Check the disk with smartmontools.


--
Neil Bothwick

All mail what i send is thoughly proof-red, definately!
 
Old 02-26-2010, 08:46 AM
Alex Schuster
 
Default recovery from /var corruption?

Mark Knecht writes:

> Do I just watch the logs looking for problems? I have no way of
> knowing right now whether this was a disk problem that's going to come
> back, a 1 time deal due to power, or something else entirely.
>
> As these cheap machines that don't use RAID what's the right way to
> go? emerge -e @world and then wait for the next event? Do nothing and
> wait?

Emerge smartmontools, then:

smartctl -h /dev/sda # get overview of what the drive thinks about itself

smartctl -t short /dev/sda # start short self test
Wait
smartctl -l selftest /dev/sda # see results

smartctl -t long /dev/sda # start long self test
Wait a lot longer
smartctl -l selftest /dev/sda # see results

You can continue working in the meanwhile, there will be no performance
impact. You will see something like this in the log:

=== START OF READ SMART DATA SECTION ===
SMART Self-test log structure revision number 1
Num Test_Description Status Remaining LifeTime(hours)
LBA_of_first_error
# 1 Short offline Completed without error 00% 2275 -
# 2 Extended offline Completed without error 00% 2270 -
# 3 Extended offline Completed without error 00% 1799 -
# 4 Extended offline Completed without error 00% 197 -
# 5 Extended offline Completed without error 00% 26 -

I you have a '-' in the right column, the disk has found no errors. If
there is a number, than it's the position of the first error.

There's also badblocks, this will check every block and output the bad
ones: badblocks -sv /dev/sda

badblocks -svn /dev/sda will do a read-write test. In case of a bad block,
the drive should exchange it with a spare one. Maybe this happens already
in read-only mode, I am not sure.

Also watch for errors in syslog or via dmesg, there should be some when
bad blocks are being accessed.

Wonko
 
Old 02-26-2010, 10:47 AM
daid kahl
 
Default recovery from /var corruption?

On 26 February 2010 12:33, Mark Knecht <markknecht@gmail.com> wrote:
> So I got my wife's machine booted today using a install disk and
> played a bit with e2fsck. The machine stopped being happy last night
> due to some sort of corruption on the /var partition. e2fsck
> complained about 3 or 4 files and then repaired the partition. The
> machine booted cleanly as far as I can tell.

Hey buddy!

This happened to me, too! See below for my savage ranting for a good laugh.

My rule for this is rsnapshot my present system as it is, grab a disk
image backup (taken less frequently), and then go to town with
portage.

I emerged 620 packages today. (Much more in fact if I count
rebuilding and stuff.) Only OO.o update is remaining in world.

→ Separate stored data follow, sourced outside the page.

Lemma closure_conv_hull_decomposition (R : realType) (d : nat) (F : set 'rV[R]_d) x :
  closed F -> closure (conv_hull F) x ->
  let K := closure (conv_hull F) in
  (exists y v, [/\ conv_hull F y, recession_dir K v & x = y + v]) \/
  (exists2 u, u != 0 & recession_dir K u /\ recession_dir K (- u)).
Proof.
move=> closedF clCx; set C := conv_hull F.
have rep j : exists wp : ('I_d.+1 -> R) * ('I_d.+1 -> 'rV[R]_d), C j ->
    [/\ forall i, 0 <= wp.1 i, \sum_i wp.1 i = 1, (forall i, F (wp.2 i))
      & j = \sum_i wp.1 i *: wp.2 i].
  have [/caratheodory [w [p wp]]|notC] := pselect (C j).
    by exists (w, p); move=> _.
  by exists (0, 0); move=> /notC.
have [wp wpP] := choice rep.
have [U [ultraU finer]] : exists U, UltraFilter U /\ within C (nbhs x) `<=` U.
  by apply: ultraFilterLemma; exact: within_nbhs_proper.
have UC : U C by apply: finer; exact: withinT.
have Ux : U --> x by move=> B xB; apply: finer; apply: filterS xB => y By _.
apply: (cvg_conv_comb_decomposition closedF ultraU (w := fun j => (wp j).1)
  (p := fun j => (wp j).2)); first by apply: filterS UC => j /wpP[].
apply: cvg_trans Ux; apply: near_eq_cvg.
by apply: filterS UC => j /wpP[_ _ _ <-].
Qed.

Theorem mainTheorem4 (R : realType) (d : nat) (F : set 'rV[R]_d) :
  closed F ->
  (forall x e : 'rV[R]_d, e != 0 -> ~ (ray x e `<=` boundary (conv_hull F))) ->
  closure (conv_hull F) = conv_hull F.
Proof.
move=> closedF no_ray; apply/seteqP; split; last exact: subset_closure.
move=> x clCx.
have ray_meets_C v : v != 0 -> recession_dir (closure (conv_hull F)) v ->
    exists2 t, 0 <= t & conv_hull F (x + t *: v).
  by move=> v0; exact: ray_meets v0 (no_ray x v v0) clCx.
have [[y [v [Cy rec_v x_eq]]]|[u u0 [rec_u rec_Nu]]] :=
  closure_conv_hull_decomposition closedF clCx.
- have [v0|v_neq0] := eqVneq v 0; first by rewrite x_eq v0 addr0.
  have [t t0 Ct] := ray_meets_C v v_neq0 rec_v.
  apply: (conv_hull_between (u := v) ler01 t0 _ Ct).
  by rewrite scale1r x_eq addrK.
- have [t t0 Ct] := ray_meets_C u u0 rec_u.
  have Nu_neq0 : - u != 0 by rewrite oppr_eq0.
  have [s s0 Cs] := ray_meets_C (- u) Nu_neq0 rec_Nu.
  by apply: (conv_hull_between (u := u) s0 t0 _ Ct); rewrite -scalerN.
Qed.
(* There is a neighborhood $U_0$ of $(0,0)\in\mathbb{R}^k\times\mathbb{R}^{n-k}$ and a neighborhood $U_1$ of $p_0\in\mathcal{O}$ such that $$G:U_0\longrightarrow U_1$$ is a Lipschitz homeomorphism, with Lipschitz inverse.
   Context: Let $\Omega$ be a manifold of dimension $n$ and $\mathcal{E}\subset T\Omega$ a Lipschitz subbundle of fiber dimension $k<n$ which is involutive (brackets of Lipschitz sections are $L^\infty$ sections of $\mathcal{E}$). Fix $p_0\in\Omega$ and coordinates $x\in\mathbb{R}^n$ centered at $p_0=0$ on a neighborhood $\mathcal{O}$, in which $\mathcal{E}$ is spanned by Lipschitz vector fields of the form $$Y_i=\partial_i+\sum_{\ell\ge k+1} D_{i\ell}(x)\,\partial_\ell,\quad 1\le i\le k,$$ with $D_{i\ell}$ Lipschitz and $D_{i\ell}(0)=0$, and satisfying $[Y_i,Y_j]=0$ for $1\le i,j\le k$. For such commuting Lipschitz vector fields the local flows $\mathcal{F}^{t_j}_{Y_j}$ commute, and $y(t,x)=\mathcal{F}^{t_1}_{Y_1}\circ\cdots\circ\mathcal{F}^{t_k}_{Y_k}(x)$ is the unique solution of $\partial y/\partial t_j=Y_j(y)$, $y(0,x)=x$, defined for $|t_j|<\delta$ and $x$ in a compact subset, and is Lipschitz in $(t,x)$. Write $\mathcal{F}^t=\mathcal{F}^{t_1}_{Y_1}\circ\cdots\circ\mathcal{F}^{t_k}_{Y_k}$ and, for $z$ close to $0$ in $\mathbb{R}^{n-k}$ and $|t|<\delta$, define $$G(t,z)=y(t,0,z)=\mathcal{F}^t(0,z).$$ *)

From HB Require Import structures.
From mathcomp Require Import all_boot all_order all_algebra.
From mathcomp Require Import all_classical all_reals all_analysis.
Set Implicit Arguments. Unset Strict Implicit. Unset Printing Implicit Defensive.
Import Order.TTheory GRing.Theory Num.Theory.
Import numFieldNormedType.Exports.
Local Open Scope classical_set_scope.
Local Open Scope ring_scope.

(* Coordinates on R^n with n = k + m (m = n - k >= 1).  A point is a row
   vector 'rV_(k+m); its first k coordinates are x_1..x_k, the last m are
   x_{k+1}..x_n.  The vector field
     Y_i = \partial_i + \sum_{l >= k+1} D_{il}(x) \partial_l
   is represented by its coefficient vector; D i l is D_{i,k+1+l}. *)
Definition Yfield (R : realType) (k m : nat)
  (D : 'I_k -> 'I_m -> 'rV[R]_(k + m) -> R) (i : 'I_k) (p : 'rV[R]_(k + m))
  : 'rV[R]_(k + m) :=
  row_mx (delta_mx 0 i) (\row_(l < m) D i l p).
(* Let $G=(V,E)$ be a finite simple graph with $V=\{x_1,\dots,x_r\}$, $E=\{e_1,\dots,e_n\}$, and suppose $(x_1,x_2,x_3,x_4)$ is a path of $G$ with edges $e_1=\{x_1,x_2\}$, $e_2=\{x_2,x_3\}$, $e_3=\{x_3,x_4\}$. Let $s=w_1x_1+w_2x_2+w_3x_3+\cdots+w_rx_r\in\operatorname{Im}(\varphi_G)$ be such that $\Delta^G_s$ is not acyclic. Then $w_2=w_3$.
   Context: $\mathbb{N}[V]$ and $\mathbb{N}[E]$ denote the free commutative monoids on $V$ and on $E$, and $\varphi_G:\mathbb{N}[E]\to\mathbb{N}[V]$ is the monoid homomorphism with $\varphi_G(e_j)=x_{j_1}+x_{j_2}$ for $e_j=\{x_{j_1},x_{j_2}\}$. For $F\subseteq[n]$ put $e_F=\sum_{i\in F}e_i$, and for $s\in\mathbb{N}[V]$ let $\Delta^G_s=\{F\subseteq[n]: s-\varphi_G(e_F)\in\operatorname{Im}(\varphi_G)\}$ (difference computed in $\mathbb{Z}^V$), a simplicial complex on $[n]$. It is acyclic if all its reduced homology groups with coefficients in $\mathbb{K}$ vanish. A path is a walk $(y_0,\dots,y_m)$ (consecutive vertices adjacent) whose interior vertices $y_1,\dots,y_{m-1}$ have degree exactly $2$ in $G$. *)

From mathcomp Require Import all_boot all_order all_algebra.
Set Implicit Arguments. Unset Strict Implicit. Unset Printing Implicit Defensive.
Import GRing.Theory.
Local Open Scope ring_scope.

Definition simple_graph (r n : nat) (ends : 'I_n -> {set 'I_r}) : Prop :=
  (forall j, #|ends j| = 2%N) /\ injective ends.

Definition deg (r n : nat) (ends : 'I_n -> {set 'I_r}) (x : 'I_r) : nat :=
  #|[set j | x \in ends j]|.

(* phi_G applied to a (multiplicity) vector a in N[E], evaluated at vertex x *)
Definition phiG (r n : nat) (ends : 'I_n -> {set 'I_r}) (a : 'I_n -> nat)
  (x : 'I_r) : nat := (\sum_(j < n) a j * (x \in ends j))%N.

Definition in_imZ (r n : nat) (ends : 'I_n -> {set 'I_r}) (s : 'I_r -> int) : Prop :=
  exists a : 'I_n -> nat, forall x, s x = (phiG ends a x)%:Z.

(* Delta^G_s : the faces F of [n] such that s - phi_G(e_F) lies in Im(phi_G) *)
Definition DeltaG (r n : nat) (ends : 'I_n -> {set 'I_r}) (s : 'I_r -> nat)
  (F : {set 'I_n}) : Prop :=
  in_imZ ends (fun x => (s x)%:Z - (#|[set j in F | x \in ends j]|)%:Z).

(* Simplicial chains with coefficients in K on the full simplex on 'I_n:
   a chain is a K-valued function on subsets (faces) of 'I_n. *)
Definition chain (K : fieldType) (n : nat) := {ffun {set 'I_n} -> K}.

(* Augmented simplicial boundary: d[F] = sum_{i in F} (-1)^(pos of i in F) [F \ i],
   with vertices ordered by their index; d[{i}] = [emptyset]. *)
Definition boundary (K : fieldType) (n : nat) (c : chain K n) : chain K n :=
  [ffun G : {set 'I_n} =>
     \sum_(i : 'I_n | i \notin G) (-1) ^+ #|[set j in G | (j < i)%N]| * c (i |: G)].

(* c is a chain of the complex D supported in faces with k elements
   (i.e. of dimension k-1) *)
Definition supported (K : fieldType) (n : nat) (D : {set 'I_n} -> Prop)
  (k : nat) (c : chain K n) : Prop :=
  forall F, c F != 0 -> D F /\ #|F| = k.

(* All reduced homology groups of D with coefficients in K vanish:
   in every degree, every cycle is a boundary (augmented chain complex,
   including the degree -1 term spanned by the empty face). *)
Definition acyclic (K : fieldType) (n : nat) (D : {set 'I_n} -> Prop) : Prop :=
  forall (k : nat) (c : chain K n),
    supported D k c -> boundary c = 0 ->
    exists d : chain K n, supported D k.+1 d /\ boundary d = c.

From mathcomp Require Import all_boot all_order all_algebra.
From mathcomp Require Import zify ring.
Set Implicit Arguments. Unset Strict Implicit. Unset Printing Implicit Defensive.
Import GRing.Theory.
Local Open Scope ring_scope.

(* If w2 > w3, take a face F of Delta_s and a solution s - phi(e_F) = phi(a).
   The equations at the degree-2 vertices x2 (edges e1, e2) and x3 (edges e2, e3)
   give a_{e1} >= w2 - w3 > 0, so one copy of e1 can be moved from a into F:
   Delta_s is a cone with apex e1.  A cone is acyclic, since coning with the
   apex is a contracting homotopy of the augmented chain complex.  The case
   w3 > w2 is symmetric, with apex e3. *)

Section Cone.
Variables (K : fieldType) (n : nat).

Definition nsmaller (G : {set 'I_n}) (i : 'I_n) : nat := #|[set j in G | (j < i)%N]|.

Lemma nsmaller_setU1 (G : {set 'I_n}) (x i : 'I_n) :
  x \notin G -> nsmaller (x |: G) i = ((x < i)%N + nsmaller G i)%N.
Proof.
move=> xG; rewrite /nsmaller (cardsD1 x) !inE eqxx /=; congr (_ + _)%N.
apply: eq_card => j; rewrite !inE; case: eqP => [->|//].
by rewrite (negbTE xG).
Qed.

Lemma sign_nsmaller_swap (G : {set 'I_n}) (i v : 'I_n) :
  i != v -> i \notin G -> v \notin G ->
  (-1) ^+ nsmaller (v |: G) i * (-1) ^+ nsmaller (i |: G) v
    = - ((-1) ^+ nsmaller G v * (-1) ^+ nsmaller G i) :> K.
Proof.
move=> iv iG vG; rewrite !nsmaller_setU1 // !exprD.
have : (i : nat) != v by rewrite (inj_eq val_inj).
by case: ltngtP => // _ _ /=; ring.
Qed.

Definition cone_chain (v : 'I_n) (c : chain K n) : chain K n :=
  [ffun G : {set 'I_n} =>
     if v \in G then (-1) ^+ nsmaller (G :\ v) v * c (G :\ v) else 0].

Lemma boundary_cone_chain (v : 'I_n) (c : chain K n) (G : {set 'I_n}) :
  boundary (cone_chain v c) G + cone_chain v (boundary c) G = c G.
Proof.
rewrite /boundary !ffunE.
have [vG|vG] := boolP (v \in G); last first.
  rewrite addr0 (bigD1 v) //= big1 ?addr0.
    by rewrite /cone_chain ffunE setU11 setU1K // signrMK.
  move=> i /andP [iG iv].
  by rewrite /cone_chain ffunE !inE (negbTE vG) orbF eq_sym (negbTE iv) mulr0.
set G' := G :\ v.
have vG' : v \notin G' by rewrite !inE eqxx.
rewrite (bigD1 v vG') /= setD1K // mulrDr signrMK addrCA -[RHS]addr0.
congr (_ + _).
rewrite [X in _ * X](eq_bigl (fun i => i \notin G)); last first.
  by move=> i; rewrite /G' !inE; case: (eqVneq i v) => [->|] /=; rewrite ?vG ?andbT.
rewrite big_distrr /= -big_split /= big1 // => i iG.
have iv : i != v by apply: contraNneq iG => ->.
have iG' : i \notin G' by rewrite !inE negb_and iG orbT.
rewrite /cone_chain ffunE in_setU1 vG orbT -/(nsmaller G i).
have -> : (i |: G) :\ v = i |: G'.
  apply/setP => j; rewrite !inE; case: (eqVneq j v) => [->|//].
  by rewrite eq_sym (negbTE iv).
rewrite -/(nsmaller G' i) -[G in nsmaller G i](setD1K vG) -/G' !mulrA.
by rewrite sign_nsmaller_swap // mulNr addNr.
Qed.

Lemma cone_acyclic (D : {set 'I_n} -> Prop) (v : 'I_n) :
  (forall F, D F -> D (v |: F)) -> acyclic K D.
Proof.
move=> Dcone k c c_supp c_cycle; exists (cone_chain v c); split.
- move=> G; rewrite /cone_chain ffunE; case: ifP => [vG|_]; last by rewrite eqxx.
  move=> cone_nz.
  have c_nz : c (G :\ v) != 0 by apply: contraNneq cone_nz => ->; rewrite mulr0.
  have [DG cardG] := c_supp _ c_nz.
  split; first by rewrite -(setD1K vG); apply: Dcone.
  by rewrite (cardsD1 v) vG cardG.
- apply/ffunP => G; have := boundary_cone_chain v c G.
  by rewrite c_cycle /cone_chain !ffunE mulr0 if_same addr0.
Qed.

End Cone.

Section DeltaCone.
Variables (r n : nat) (ends : 'I_n -> {set 'I_r}).

Lemma eq_phiG (a b : 'I_n -> nat) (x : 'I_r) : a =1 b -> phiG ends a x = phiG ends b x.
Proof. by move=> ab; apply: eq_bigr => j _; rewrite ab. Qed.

Lemma phiG_add (a b : 'I_n -> nat) (x : 'I_r) :
  phiG ends (fun j => a j + b j)%N x = (phiG ends a x + phiG ends b x)%N.
Proof. by rewrite /phiG -big_split; apply: eq_bigr => j _; rewrite mulnDl. Qed.

Lemma phiG_delta (p : 'I_n) (x : 'I_r) :
  phiG ends (fun j => nat_of_bool (j == p)) x = (x \in ends p) :> nat.
Proof.
rewrite /phiG (bigD1 p) //= eqxx mul1n big1 ?addn0 // => j /negbTE ->.
by rewrite mul0n.
Qed.

Lemma card_incident_phiG (F : {set 'I_n}) (x : 'I_r) :
  #|[set j in F | x \in ends j]| = phiG ends (fun j => nat_of_bool (j \in F)) x.
Proof.
rewrite -sum1_card /phiG big_mkcond /=; apply: eq_bigr => j _.
by rewrite !inE; case: (j \in F); case: (x \in ends j).
Qed.

Lemma phiG_deg2 (a : 'I_n -> nat) (x : 'I_r) (p q : 'I_n) :
  p != q -> [set j | x \in ends j] = [set p; q] -> phiG ends a x = (a p + a q)%N.
Proof.
move=> pq Ex.
have incE j : (x \in ends j) = (j \in [set p; q]) by rewrite -Ex inE.
rewrite /phiG (bigD1 p) //= (bigD1 q) /=; last by rewrite eq_sym.
rewrite big1 ?addn0 ?incE ?in_set2 ?eqxx ?orbT ?muln1 // => j /andP [jp jq].
by rewrite incE in_set2 (negbTE jp) (negbTE jq) muln0.
Qed.

Lemma incident_deg2 (x : 'I_r) (p q : 'I_n) :
  deg ends x = 2%N -> p != q -> x \in ends p -> x \in ends q ->
  [set j | x \in ends j] = [set p; q].
Proof.
move=> degx pq xp xq; apply/esym/eqP.
rewrite eqEcard cards2 pq -[#|_|]/(deg ends x) degx andbT.
by apply/subsetP => j; rewrite !inE => /orP [] /eqP ->.
Qed.

Variable w : 'I_r -> nat.

Lemma DeltaG_setU1 (F : {set 'I_n}) (p : 'I_n) (a : 'I_n -> nat) :
  (forall x, (w x)%:Z - #|[set j in F | x \in ends j]|%:Z = (phiG ends a x)%:Z) ->
  p \notin F -> (0 < a p)%N -> DeltaG ends w (p |: F).
Proof.
move=> Fa pF ap.
pose a' j := (a j - (j == p))%N; exists a' => x.
have indE : (fun j : 'I_n => nat_of_bool (j \in p |: F))
             =1 (fun j => (j == p) + (j \in F))%N.
  by move=> j; rewrite in_setU1; case: eqP => [->|]; rewrite ?(negbTE pF).
have aE : a =1 (fun j => a' j + (j == p))%N.
  by move=> j; rewrite /a'; case: eqP => [->|]; rewrite ?subn0 ?addn0 ?subnK.
have := Fa x.
by rewrite !card_incident_phiG (eq_phiG _ indE) (eq_phiG _ aE) !phiG_add phiG_delta; lia.
Qed.

Lemma DeltaG_cone_deg2 (y z : 'I_r) (p q t : 'I_n) :
  p != q -> q != t ->
  [set j | y \in ends j] = [set p; q] -> [set j | z \in ends j] = [set q; t] ->
  (w z < w y)%N -> forall F, DeltaG ends w F -> DeltaG ends w (p |: F).
Proof.
move=> pq qt Ey Ez wzy F [a Fa].
have [pF|pF] := boolP (p \in F).
  by rewrite (setUidPr _) ?sub1set //; exists a.
apply: (DeltaG_setU1 Fa pF).
have := Fa y; have := Fa z.
rewrite !card_incident_phiG !(phiG_deg2 _ pq Ey) !(phiG_deg2 _ qt Ez) (negbTE pF).
move: (nat_of_bool (q \in F)) (nat_of_bool (t \in F)); lia.
Qed.

End DeltaCone.

Theorem lemma3p7 (K : fieldType) (r n : nat) (ends : 'I_n -> {set 'I_r})
  (x1 x2 x3 x4 : 'I_r) (e1 e2 e3 : 'I_n) (w : 'I_r -> nat) :
  simple_graph ends ->
  uniq [:: x1; x2; x3; x4] ->
  ends e1 = [set x1; x2] -> ends e2 = [set x2; x3] -> ends e3 = [set x3; x4] ->
  deg ends x2 = 2%N -> deg ends x3 = 2%N ->
  in_imZ ends (fun x => (w x)%:Z) ->
  ~ acyclic K (DeltaG ends w) ->
  w x2 = w x3.
Proof.
move=> _ path_uniq E1 E2 E3 deg2 deg3 _ not_acyclic.
move: path_uniq; rewrite /= !inE !negb_or.
move=> /and4P [/and3P [n12 n13 _] /andP [n23 n24] _ _].
have e12 : e1 != e2.
  by apply: contraTneq (set21 x1 x2) => e12; rewrite -E1 e12 E2 !inE negb_or n12 n13.
have e23 : e2 != e3.
  by apply: contraTneq (set21 x2 x3) => e23; rewrite -E2 e23 E3 !inE negb_or n23 n24.
have inc2 : [set j | x2 \in ends j] = [set e1; e2].
  by apply: incident_deg2; rewrite ?E1 ?E2 ?set21 ?set22.
have inc3 : [set j | x3 \in ends j] = [set e2; e3].
  by apply: incident_deg2; rewrite ?E2 ?E3 ?set21 ?set22.
case: (ltngtP (w x2) (w x3)) => // w23; case: not_acyclic.
- apply: (cone_acyclic (v := e3)); rewrite setUC in inc2; rewrite setUC in inc3.
  by apply: (DeltaG_cone_deg2 _ _ inc3 inc2 w23); rewrite eq_sym.
- exact: (cone_acyclic (v := e1)) (DeltaG_cone_deg2 e12 e23 inc2 inc3 w23).
Qed.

I don't think there's a good and safe way around it. I find inode
corruption can be sneaky and hit other stuff. Assuming your backs all
exist and stuff, then you can hit up stuff like rsync with the update
flag for your personal files between newest and safest backups.

Rant:
Okay, so Mac OS is getting it to the face now, officially, and forever
in my world. I've almost kind of said this before, and I can't
remember why I don't follow my own advice, but nothing can be worse
than twice-monthly 10% inode corruption.

Now check this out:
The e2fs program is told "do not mount sda3" and "if you ever do,
mount it ro." Even though Mac OS is crazy enough not to use
/etc/fstab, it will still (supposedly) listen to rules in here. I
found some very retarded way of effectively serial-device referencing
sda3, and I said, "do not mount this drive at boot, and if you do, do
it ro." Then I went into a Disk Utility thing. I told that the same
thing. So that's three times I've said, "Never touch this drive with
a 10 foot pole, plz thx!" Yeah, please explain to me how an
unmounted, only ro drive can receive rectal examination of 11.4%
inode corruption.

Others, please take this as a lesson (in some form or another). I
think it's the badly coded e2fs program, but that thing is so bad that
if it is to blame, it happened after I tried to uninstall the program
too, so who knows. So I'm going to put a tiny Tiger install this
weekend so I can get nice boot, a few firmware accesses (kill the
silly booting sound, and delay an annoying 20 second boot delay in the
case there is no EFI partition...ugh). And then I am going to never
look at it's ugly face again.

System Rescue CD, partimage, and rsnapshot are my friends!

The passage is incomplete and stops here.